Lemma eq_act23 M (F F' : tensor3) : (forall a b c, F a b c = F' a b c) ->
  forall a b c, act23 M F a b c = act23 M F' a b c.
Proof. by move=> E a b c; apply: eq_bigr => b' _; apply: eq_bigr => c' _; rewrite E. Qed.

Lemma act12_tensor M (F : tensor3) (G : tensor2) (z : I -> C) :
  (forall a b c, F a b c = G a b * z c) ->
  forall a b c, act12 M F a b c = act M G a b * z c.
Proof.
move=> E a b c; rewrite /act12 /act big_distrl; apply: eq_bigr => a' _.
by rewrite big_distrl; apply: eq_bigr => b' _; rewrite E mulrA.
Qed.

Lemma act13_tensor M (F : tensor3) (G : tensor2) (y : I -> C) :
  (forall a b c, F a b c = G a c * y b) ->
  forall a b c, act13 M F a b c = act M G a c * y b.
Proof.
move=> E a b c; rewrite /act13 /act big_distrl; apply: eq_bigr => a' _.
by rewrite big_distrl; apply: eq_bigr => c' _; rewrite E mulrA.
Qed.

Lemma act23_tensor M (F : tensor3) (G : tensor2) (x : I -> C) :
  (forall a b c, F a b c = x a * G b c) ->
  forall a b c, act23 M F a b c = x a * act M G b c.
Proof.
move=> E a b c; rewrite /act23 /act big_distrr; apply: eq_bigr => b' _.
by rewrite big_distrr; apply: eq_bigr => c' _; rewrite E mulrCA.
Qed.

Lemma act_comp_id (M N : kernel) :
  (forall a b c d, \sum_a' \sum_b' M a b a' b' * N a' b' c d = ((a == c) && (b == d))%:R) ->
  forall G a b, act M (act N G) a b = G a b.
Proof.
move=> MN G a b.
transitivity (\sum_c \sum_d (\sum_a' \sum_b' M a b a' b' * N a' b' c d) * G c d).
  rewrite /act (eq_bigr (fun a' => \sum_b' \sum_c \sum_d M a b a' b' * N a' b' c d * G c d)).
    rewrite pair_bigA; under eq_bigr do rewrite pair_bigA.
    rewrite [RHS]pair_bigA; under [RHS]eq_bigr do rewrite pair_bigA big_distrl.
    by rewrite exchange_big.
  move=> a' _; apply: eq_bigr => b' _; rewrite big_distrr; apply: eq_bigr => c _.
  by rewrite big_distrr; apply: eq_bigr => d _; exact: mulrA.
under eq_bigr do under eq_bigr do rewrite MN.
rewrite (bigD1 a) //= (bigD1 b) //= !eqxx mul1r big1 ?addr0; last first.
  by move=> d /negbTE; rewrite eq_sym => ->; rewrite andbF mul0r.
rewrite big1 ?addr0 // => c /negbTE; rewrite eq_sym => ->.
by rewrite big1 // => d _; rewrite mul0r.
Qed.

Lemma Vcoef_Vadj a b c d :
  \sum_a' \sum_b' Vcoef a b a' b' * Vadj a' b' c d = ((a == c) && (b == d))%:R.
Proof.
have := congr1 (fun M : 'M[C]_(n * n) => M (ix a b) (ix c d)) (unitarymxP V_unitary).
rewrite /= mxE mxE eq_mxvec_index sum_mxvec_index => <-.
by apply: eq_bigr => a' _; apply: eq_bigr => b' _; rewrite !mxE.
Qed.

Lemma Vadj_Vcoef a b c d :
  \sum_a' \sum_b' Vadj a b a' b' * Vcoef a' b' c d = ((a == c) && (b == d))%:R.
Proof.
have VadjV : V^t* *m V = 1%:M by apply/mulmx1C/unitarymxP.
have := congr1 (fun M : 'M[C]_(n * n) => M (ix a b) (ix c d)) VadjV.
rewrite /= mxE mxE eq_mxvec_index sum_mxvec_index => <-.
by apply: eq_bigr => a' _; apply: eq_bigr => b' _; rewrite !mxE.
Qed.

Lemma act_VadjK G a b : act Vadj (act Vcoef G) a b = G a b.
Proof. exact: act_comp_id Vadj_Vcoef G a b. Qed.

Lemma act_VcoefK G a b : act Vcoef (act Vadj G) a b = G a b.
Proof. exact: act_comp_id Vcoef_Vadj G a b. Qed.

Lemma act_Vadj_fixed G : (forall a b, act Vcoef G a b = G a b) ->
  forall a b, act Vadj G a b = G a b.
Proof. by move=> GV a b; rewrite -[RHS]act_VadjK; apply: eq_act => {}a {}b; rewrite GV. Qed.

Lemma act12_VadjK F a b c : act12 Vadj (act12 Vcoef F) a b c = F a b c.
Proof. exact: (act_VadjK (fun a b => F a b c)). Qed.

Lemma act23_VadjK F a b c : act23 Vadj (act23 Vcoef F) a b c = F a b c.
Proof. exact: (act_VadjK (fun b c => F a b c)). Qed.

Lemma act23_VcoefK F a b c : act23 Vcoef (act23 Vadj F) a b c = F a b c.
Proof. exact: (act_VcoefK (fun b c => F a b c)). Qed.

Lemma pentagon13 F a b c :
  act13 Vcoef (act23 Vcoef F) a b c = act12 Vadj (act23 Vcoef (act12 Vcoef F)) a b c.
Proof. by rewrite -act12_VadjK; apply: eq_act12 => {}a {}b {}c; apply: pentagon. Qed.

Lemma pentagon_adj F a b c :
  act23 Vadj (act12 Vcoef (act13 Vcoef F)) a b c = act12 Vcoef (act23 Vadj F) a b c.
Proof.
rewrite -[RHS]act23_VadjK; apply: eq_act23 => {}a {}b {}c.
rewrite -pentagon; apply: eq_act12 => {}a {}b {}c.
by apply: eq_act13 => {}a {}b {}c; rewrite act23_VcoefK.
Qed.

(* Evaluate both sides of the pentagon equation on [x (x) y (x) z] and cancel
   a nonzero coordinate of [y]. *)
Lemma Hup_trans (x y z : 'cV[C]_n) : y != 0 -> Hup V x y -> Hup V y z -> Hup V x z.
Proof.
move=> y0 /HupP xy /HupP yz; apply/HupP.
pose F a b c := x a 0 * y b 0 * z c 0.
have F23 a b c : act23 Vcoef F a b c = F a b c.
  rewrite (@act23_tensor _ _ (tcoef y z) (fun a => x a 0)) => [|*]; rewrite /F -mulrA //.
  by rewrite yz.
have F12 a b c : act12 Vcoef F a b c = F a b c.
  by rewrite (@act12_tensor _ _ (tcoef x y) (fun c => z c 0)) // xy.
have F13 a b c : act13 Vcoef F a b c = F a b c.
  rewrite -(eq_act13 _ F23) pentagon13.
  transitivity (act12 Vadj (act12 Vcoef F) a b c); last exact: act12_VadjK.
  by apply: eq_act12 => {}a {}b {}c; rewrite (eq_act23 _ F12) F23.
have [b yb] : exists b, y b 0 != 0.
  apply/existsP; apply: contraNT y0 => /existsPn y0; apply/eqP/colP => i.
  by rewrite mxE; apply/eqP/negbNE/y0.
move=> a c; have := F13 a b c.
rewrite (@act13_tensor _ _ (tcoef x z) (fun b => y b 0)) => [|*]; last by rewrite /F mulrAC.
by rewrite /F /tcoef mulrAC => /(mulIf yb).
Qed.

Definition dot2 (H G : tensor2) := \sum_a \sum_b (H a b)^* * G a b.

Lemma dot2_conj H G : (dot2 H G)^* = dot2 G H.
Proof.
rewrite rmorph_sum; apply: eq_bigr => a _; rewrite rmorph_sum; apply: eq_bigr => b _.
by rewrite rmorphM /= conjCK mulrC.
Qed.

Lemma dot2_ge0 G : 0 <= dot2 G G.
Proof. by apply: sumr_ge0 => a _; apply: sumr_ge0 => b _; rewrite mulrC mul_conjC_ge0. Qed.

Lemma dot2_eq0 G : dot2 G G = 0 -> forall a b, G a b = 0.
Proof.
have term_ge0 (z : C) : 0 <= z^* * z by rewrite mulrC mul_conjC_ge0.
have row_ge0 a : 0 <= \sum_b (G a b)^* * G a b by apply: sumr_ge0.
move=> /psumr_eq0P G0 a b; have /psumr_eq0P Ga0 := G0 (fun a _ => row_ge0 a) a isT.
have /eqP := Ga0 (fun b _ => term_ge0 (G a b)) b isT.
by rewrite mulrC mul_conjC_eq0 => /eqP.
Qed.

Lemma dot2_act_adjoint (M M' : kernel) :
  (forall a b a' b', M' a b a' b' = (M a' b' a b)^*) ->
  forall H G, dot2 H (act M G) = dot2 (act M' H) G.
Proof.
move=> M'E H G; rewrite /dot2 /act.
transitivity (\sum_a \sum_b \sum_a' \sum_b' (H a b)^* * M a b a' b' * G a' b').
  apply: eq_bigr => a _; apply: eq_bigr => b _; rewrite big_distrr.
  by apply: eq_bigr => a' _; rewrite big_distrr; apply: eq_bigr => b' _; exact: mulrA.
rewrite sum4_exchange; apply: eq_bigr => a' _; apply: eq_bigr => b' _.
rewrite rmorph_sum big_distrl; apply: eq_bigr => a _.
rewrite rmorph_sum big_distrl; apply: eq_bigr => b _ /=.
by rewrite M'E rmorphM /= conjCK [_ * M _ _ _ _]mulrC.
Qed.

Lemma dot2_act_Vcoef H G : dot2 H (act Vcoef G) = dot2 (act Vadj H) G.
Proof. exact: dot2_act_adjoint. Qed.

Lemma dot2_act_Vadj H G : dot2 H (act Vadj G) = dot2 (act Vcoef H) G.
Proof. by apply: dot2_act_adjoint => *; rewrite /Vadj conjCK. Qed.

Lemma act_Vcoef_isometry G : dot2 (act Vcoef G) (act Vcoef G) = dot2 G G.
Proof.
rewrite dot2_act_Vcoef; apply: eq_bigr => a _; apply: eq_bigr => b _.
by rewrite act_VadjK.
Qed.

(* [V] is an isometry, so [|V G - G|^2 = 2 |G|^2 - 2 Re <G, V G>] vanishes on
   the family. *)
Lemma act_fixed_family k (G : 'I_k -> tensor2) :
  \sum_i dot2 (G i) (act Vcoef (G i)) = \sum_i dot2 (G i) (G i) ->
  forall i a b, act Vcoef (G i) a b = G i a b.
Proof.
move=> GVG; pose D i a b := act Vcoef (G i) a b - G i a b.
have D_expand i : dot2 (D i) (D i) =
    dot2 (G i) (G i) *+ 2 - (dot2 (G i) (act Vcoef (G i)))^* - dot2 (G i) (act Vcoef (G i)).
  rewrite dot2_conj mulr2n -[X in _ = X + _ - _ - _]act_Vcoef_isometry /dot2 -big_split -!sumrB.
  apply: eq_bigr => a _; rewrite -big_split -!sumrB; apply: eq_bigr => b _.
  by rewrite /D rmorphB /=; ring.
have D0 : \sum_i dot2 (D i) (D i) = 0.
  under eq_bigr do rewrite D_expand.
  have real_norm : (\sum_i dot2 (G i) (G i))^* = \sum_i dot2 (G i) (G i).
    by rewrite rmorph_sum; apply: eq_bigr => i _ /=; rewrite dot2_conj.
  by rewrite !sumrB sumrMnl -rmorph_sum GVG /= real_norm mulr2n -addrA -opprD subrr.
move=> i a b; apply/eqP; rewrite -subr_eq0; apply/eqP; move: a b; apply: dot2_eq0.
by move/psumr_eq0P: D0 => /(_ (fun i _ => dot2_ge0 (D i))) /(_ i isT).
Qed.

Definition contract1 (f : 'cV[C]_n) (F : tensor3) a b := \sum_p (f p 0)^* * F p a b.
Definition contract2 (f : 'cV[C]_n) (F : tensor3) p b := \sum_a (f a 0)^* * F p a b.
Definition contract3 (f : 'cV[C]_n) (F : tensor3) a b := \sum_c (f c 0)^* * F a b c.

· · · · ·

### PROBLEM STATEMENT
Only the lines that contain the word "pose" should be copied from the material.

### YOUR RESPONSE
pose F a b c := x a 0 * y b 0 * z c 0.
move=> GVG; pose D i a b := act Vcoef (G i) a b - G i a b.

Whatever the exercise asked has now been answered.